## GOAL OF THE EXERCISE
Reproduce exactly the lines of the material beneath, from the line that contains "fin (fobj U cA) /\ inhabited (Hom cA cF)." to the line that contains "Definition fiber (F", both included, and no other lines.

## EXERCISE DATA
'''
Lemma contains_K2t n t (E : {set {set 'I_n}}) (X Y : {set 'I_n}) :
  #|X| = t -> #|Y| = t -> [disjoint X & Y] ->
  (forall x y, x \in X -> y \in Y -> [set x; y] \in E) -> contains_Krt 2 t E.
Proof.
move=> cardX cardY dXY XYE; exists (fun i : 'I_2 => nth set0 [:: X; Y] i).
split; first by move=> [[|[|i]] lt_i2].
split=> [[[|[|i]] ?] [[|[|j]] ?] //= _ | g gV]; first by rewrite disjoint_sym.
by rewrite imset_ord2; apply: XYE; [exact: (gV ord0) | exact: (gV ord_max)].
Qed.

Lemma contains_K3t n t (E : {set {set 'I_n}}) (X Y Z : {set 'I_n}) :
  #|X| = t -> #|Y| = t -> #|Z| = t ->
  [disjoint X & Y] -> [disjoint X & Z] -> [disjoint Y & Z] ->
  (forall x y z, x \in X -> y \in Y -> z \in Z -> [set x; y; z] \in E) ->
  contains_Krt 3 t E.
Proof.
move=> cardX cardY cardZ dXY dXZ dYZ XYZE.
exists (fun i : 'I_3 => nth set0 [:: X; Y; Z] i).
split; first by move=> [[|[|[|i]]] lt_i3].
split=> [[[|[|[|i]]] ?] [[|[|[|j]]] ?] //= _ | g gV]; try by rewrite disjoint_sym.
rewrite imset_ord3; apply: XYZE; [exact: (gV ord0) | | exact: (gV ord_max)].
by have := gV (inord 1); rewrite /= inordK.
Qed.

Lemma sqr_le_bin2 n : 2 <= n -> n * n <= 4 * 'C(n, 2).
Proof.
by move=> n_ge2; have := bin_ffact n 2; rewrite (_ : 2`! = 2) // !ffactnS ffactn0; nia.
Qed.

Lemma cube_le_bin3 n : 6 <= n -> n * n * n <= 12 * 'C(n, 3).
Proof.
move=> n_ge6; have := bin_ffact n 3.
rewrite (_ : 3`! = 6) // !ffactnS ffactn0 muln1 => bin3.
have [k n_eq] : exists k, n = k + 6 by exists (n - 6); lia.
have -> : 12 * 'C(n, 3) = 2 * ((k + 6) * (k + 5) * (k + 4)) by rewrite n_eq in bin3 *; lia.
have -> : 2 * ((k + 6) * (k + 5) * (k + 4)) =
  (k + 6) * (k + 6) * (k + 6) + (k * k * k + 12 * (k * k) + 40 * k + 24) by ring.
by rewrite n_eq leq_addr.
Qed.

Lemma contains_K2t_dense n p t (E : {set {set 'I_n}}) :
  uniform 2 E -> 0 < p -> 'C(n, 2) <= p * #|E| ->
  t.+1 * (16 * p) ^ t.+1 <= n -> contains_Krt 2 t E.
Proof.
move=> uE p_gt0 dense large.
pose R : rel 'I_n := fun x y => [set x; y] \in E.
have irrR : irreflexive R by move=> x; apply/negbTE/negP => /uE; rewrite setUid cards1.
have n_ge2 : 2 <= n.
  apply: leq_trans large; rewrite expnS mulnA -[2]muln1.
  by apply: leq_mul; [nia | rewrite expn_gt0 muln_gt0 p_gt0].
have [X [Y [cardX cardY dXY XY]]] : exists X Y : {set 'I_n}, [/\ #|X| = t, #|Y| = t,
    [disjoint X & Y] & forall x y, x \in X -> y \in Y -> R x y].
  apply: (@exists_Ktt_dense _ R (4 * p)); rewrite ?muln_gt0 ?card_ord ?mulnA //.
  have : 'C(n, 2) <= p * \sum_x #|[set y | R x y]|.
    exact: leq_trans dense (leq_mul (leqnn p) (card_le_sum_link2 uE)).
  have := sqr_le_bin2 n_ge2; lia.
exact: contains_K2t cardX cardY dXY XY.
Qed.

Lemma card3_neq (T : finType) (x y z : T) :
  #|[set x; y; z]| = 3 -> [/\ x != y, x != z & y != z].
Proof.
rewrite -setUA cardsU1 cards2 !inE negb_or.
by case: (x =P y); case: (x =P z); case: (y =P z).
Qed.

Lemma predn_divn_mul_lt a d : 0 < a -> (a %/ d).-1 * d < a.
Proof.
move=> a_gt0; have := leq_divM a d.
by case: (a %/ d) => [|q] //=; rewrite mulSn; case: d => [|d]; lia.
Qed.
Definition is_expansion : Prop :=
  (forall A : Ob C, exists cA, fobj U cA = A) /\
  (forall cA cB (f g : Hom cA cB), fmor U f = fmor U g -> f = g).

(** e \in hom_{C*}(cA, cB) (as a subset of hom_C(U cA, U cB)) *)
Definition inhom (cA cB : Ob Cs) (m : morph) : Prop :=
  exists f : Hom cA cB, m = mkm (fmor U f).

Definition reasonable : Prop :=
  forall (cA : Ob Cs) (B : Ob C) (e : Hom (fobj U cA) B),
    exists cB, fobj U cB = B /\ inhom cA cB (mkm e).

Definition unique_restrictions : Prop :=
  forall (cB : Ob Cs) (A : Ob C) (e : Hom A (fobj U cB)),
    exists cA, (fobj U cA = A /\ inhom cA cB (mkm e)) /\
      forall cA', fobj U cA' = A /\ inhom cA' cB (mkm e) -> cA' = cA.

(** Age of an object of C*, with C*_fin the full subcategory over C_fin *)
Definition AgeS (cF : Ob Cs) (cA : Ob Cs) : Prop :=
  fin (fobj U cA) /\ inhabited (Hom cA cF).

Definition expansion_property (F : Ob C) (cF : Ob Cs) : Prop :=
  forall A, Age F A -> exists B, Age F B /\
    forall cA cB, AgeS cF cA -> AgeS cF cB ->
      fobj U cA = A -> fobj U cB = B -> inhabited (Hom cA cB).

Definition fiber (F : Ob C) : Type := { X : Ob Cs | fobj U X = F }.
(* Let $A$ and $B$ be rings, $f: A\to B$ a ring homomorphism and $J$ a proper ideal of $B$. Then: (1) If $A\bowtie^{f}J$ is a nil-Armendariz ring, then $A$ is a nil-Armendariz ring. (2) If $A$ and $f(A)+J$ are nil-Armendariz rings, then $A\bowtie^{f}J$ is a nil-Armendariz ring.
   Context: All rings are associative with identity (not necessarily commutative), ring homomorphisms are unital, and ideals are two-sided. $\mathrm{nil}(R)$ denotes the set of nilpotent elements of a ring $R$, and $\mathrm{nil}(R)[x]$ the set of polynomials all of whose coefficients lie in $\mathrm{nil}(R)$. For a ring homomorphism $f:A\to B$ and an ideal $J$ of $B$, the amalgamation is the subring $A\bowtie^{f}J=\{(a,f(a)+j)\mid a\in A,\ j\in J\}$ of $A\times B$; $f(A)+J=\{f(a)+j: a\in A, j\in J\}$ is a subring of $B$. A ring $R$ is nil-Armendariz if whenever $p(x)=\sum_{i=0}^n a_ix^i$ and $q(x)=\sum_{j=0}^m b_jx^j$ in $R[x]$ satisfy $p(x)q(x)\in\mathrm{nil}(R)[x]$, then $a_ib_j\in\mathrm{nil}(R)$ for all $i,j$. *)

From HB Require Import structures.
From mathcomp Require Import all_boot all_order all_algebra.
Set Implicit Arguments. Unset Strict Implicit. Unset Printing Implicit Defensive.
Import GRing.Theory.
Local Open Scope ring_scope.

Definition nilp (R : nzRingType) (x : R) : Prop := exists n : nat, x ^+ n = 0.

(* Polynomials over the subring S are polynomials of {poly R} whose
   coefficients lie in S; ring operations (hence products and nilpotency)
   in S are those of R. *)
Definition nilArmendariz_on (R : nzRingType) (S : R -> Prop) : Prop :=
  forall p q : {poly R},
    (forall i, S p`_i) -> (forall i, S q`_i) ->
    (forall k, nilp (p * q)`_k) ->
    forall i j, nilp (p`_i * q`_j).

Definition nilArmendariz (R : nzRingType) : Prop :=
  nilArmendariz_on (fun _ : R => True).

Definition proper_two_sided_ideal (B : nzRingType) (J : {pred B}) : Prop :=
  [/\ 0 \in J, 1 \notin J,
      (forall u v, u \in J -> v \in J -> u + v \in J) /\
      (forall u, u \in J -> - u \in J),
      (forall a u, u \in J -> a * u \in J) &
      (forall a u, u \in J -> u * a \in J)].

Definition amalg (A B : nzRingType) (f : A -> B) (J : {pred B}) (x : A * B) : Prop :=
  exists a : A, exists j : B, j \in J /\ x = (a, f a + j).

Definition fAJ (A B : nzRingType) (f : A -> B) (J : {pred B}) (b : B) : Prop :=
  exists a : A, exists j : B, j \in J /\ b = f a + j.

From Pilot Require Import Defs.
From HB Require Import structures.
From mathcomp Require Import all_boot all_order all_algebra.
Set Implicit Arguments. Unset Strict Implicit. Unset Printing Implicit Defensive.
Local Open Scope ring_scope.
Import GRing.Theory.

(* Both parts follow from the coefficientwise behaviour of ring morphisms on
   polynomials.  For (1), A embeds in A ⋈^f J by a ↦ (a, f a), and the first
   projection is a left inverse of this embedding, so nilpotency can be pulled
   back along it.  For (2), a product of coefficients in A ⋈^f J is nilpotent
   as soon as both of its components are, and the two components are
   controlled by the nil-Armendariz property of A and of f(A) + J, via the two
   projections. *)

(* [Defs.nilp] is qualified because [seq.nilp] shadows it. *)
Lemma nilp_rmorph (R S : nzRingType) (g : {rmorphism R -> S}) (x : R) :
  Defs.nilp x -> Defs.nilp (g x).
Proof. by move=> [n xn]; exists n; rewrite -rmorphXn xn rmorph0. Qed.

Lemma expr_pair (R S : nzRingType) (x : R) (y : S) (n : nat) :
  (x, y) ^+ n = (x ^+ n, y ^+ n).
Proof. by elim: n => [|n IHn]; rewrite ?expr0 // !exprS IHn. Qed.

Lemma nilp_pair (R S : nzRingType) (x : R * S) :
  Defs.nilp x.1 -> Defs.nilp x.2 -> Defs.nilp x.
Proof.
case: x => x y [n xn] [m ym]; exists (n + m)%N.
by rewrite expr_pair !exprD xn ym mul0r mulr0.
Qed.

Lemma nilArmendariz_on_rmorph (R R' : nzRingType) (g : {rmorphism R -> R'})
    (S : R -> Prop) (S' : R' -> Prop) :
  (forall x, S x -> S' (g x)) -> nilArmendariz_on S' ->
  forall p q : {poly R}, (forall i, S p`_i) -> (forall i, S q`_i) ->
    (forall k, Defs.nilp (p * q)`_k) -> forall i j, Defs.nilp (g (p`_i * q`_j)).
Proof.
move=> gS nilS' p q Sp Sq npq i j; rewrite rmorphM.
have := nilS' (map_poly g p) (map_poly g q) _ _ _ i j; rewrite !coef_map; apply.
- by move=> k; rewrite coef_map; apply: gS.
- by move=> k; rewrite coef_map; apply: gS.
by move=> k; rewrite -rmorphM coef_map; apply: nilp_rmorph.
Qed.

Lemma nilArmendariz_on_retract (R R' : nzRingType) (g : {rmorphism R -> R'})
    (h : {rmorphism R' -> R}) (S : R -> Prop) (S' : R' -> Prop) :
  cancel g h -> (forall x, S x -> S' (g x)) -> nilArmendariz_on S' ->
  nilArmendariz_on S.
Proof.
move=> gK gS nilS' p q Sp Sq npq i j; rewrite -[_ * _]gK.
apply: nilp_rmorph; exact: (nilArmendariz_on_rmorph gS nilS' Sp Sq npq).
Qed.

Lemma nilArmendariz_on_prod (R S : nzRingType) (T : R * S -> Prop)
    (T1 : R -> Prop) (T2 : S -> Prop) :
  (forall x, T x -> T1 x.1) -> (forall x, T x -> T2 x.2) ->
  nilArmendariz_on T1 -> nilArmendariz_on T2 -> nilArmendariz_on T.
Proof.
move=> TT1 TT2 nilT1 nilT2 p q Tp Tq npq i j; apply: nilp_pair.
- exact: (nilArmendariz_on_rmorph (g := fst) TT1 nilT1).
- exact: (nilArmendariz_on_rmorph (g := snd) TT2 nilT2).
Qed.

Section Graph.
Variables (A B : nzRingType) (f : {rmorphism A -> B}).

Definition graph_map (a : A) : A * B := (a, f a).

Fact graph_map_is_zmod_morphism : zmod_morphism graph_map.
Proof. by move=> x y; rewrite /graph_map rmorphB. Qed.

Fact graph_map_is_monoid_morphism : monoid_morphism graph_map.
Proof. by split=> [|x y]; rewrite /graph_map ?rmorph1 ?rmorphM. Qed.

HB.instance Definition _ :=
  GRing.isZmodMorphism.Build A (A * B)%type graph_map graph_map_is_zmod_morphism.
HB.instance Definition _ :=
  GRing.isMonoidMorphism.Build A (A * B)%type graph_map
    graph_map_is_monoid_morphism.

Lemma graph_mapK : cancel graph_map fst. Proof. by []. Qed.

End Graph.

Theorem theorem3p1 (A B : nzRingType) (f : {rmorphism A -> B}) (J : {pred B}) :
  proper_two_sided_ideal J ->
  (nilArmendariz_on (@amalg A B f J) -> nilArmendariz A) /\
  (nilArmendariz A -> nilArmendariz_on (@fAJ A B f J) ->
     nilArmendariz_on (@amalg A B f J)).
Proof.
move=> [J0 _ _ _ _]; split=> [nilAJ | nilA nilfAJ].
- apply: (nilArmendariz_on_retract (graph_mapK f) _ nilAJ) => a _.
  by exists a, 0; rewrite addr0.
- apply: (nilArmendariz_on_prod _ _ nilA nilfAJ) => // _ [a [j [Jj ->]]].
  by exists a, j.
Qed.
'''
## RESULT
  fin (fobj U cA) /\ inhabited (Hom cA cF).

Definition expansion_property (F : Ob C) (cF : Ob Cs) : Prop :=
  forall A, Age F A -> exists B, Age F B /\
    forall cA cB, AgeS cF cA -> AgeS cF cB ->
      fobj U cA = A -> fobj U cB = B -> inhabited (Hom cA cB).

Definition fiber (F : Ob C) : Type := { X : Ob Cs | fobj U X = F }.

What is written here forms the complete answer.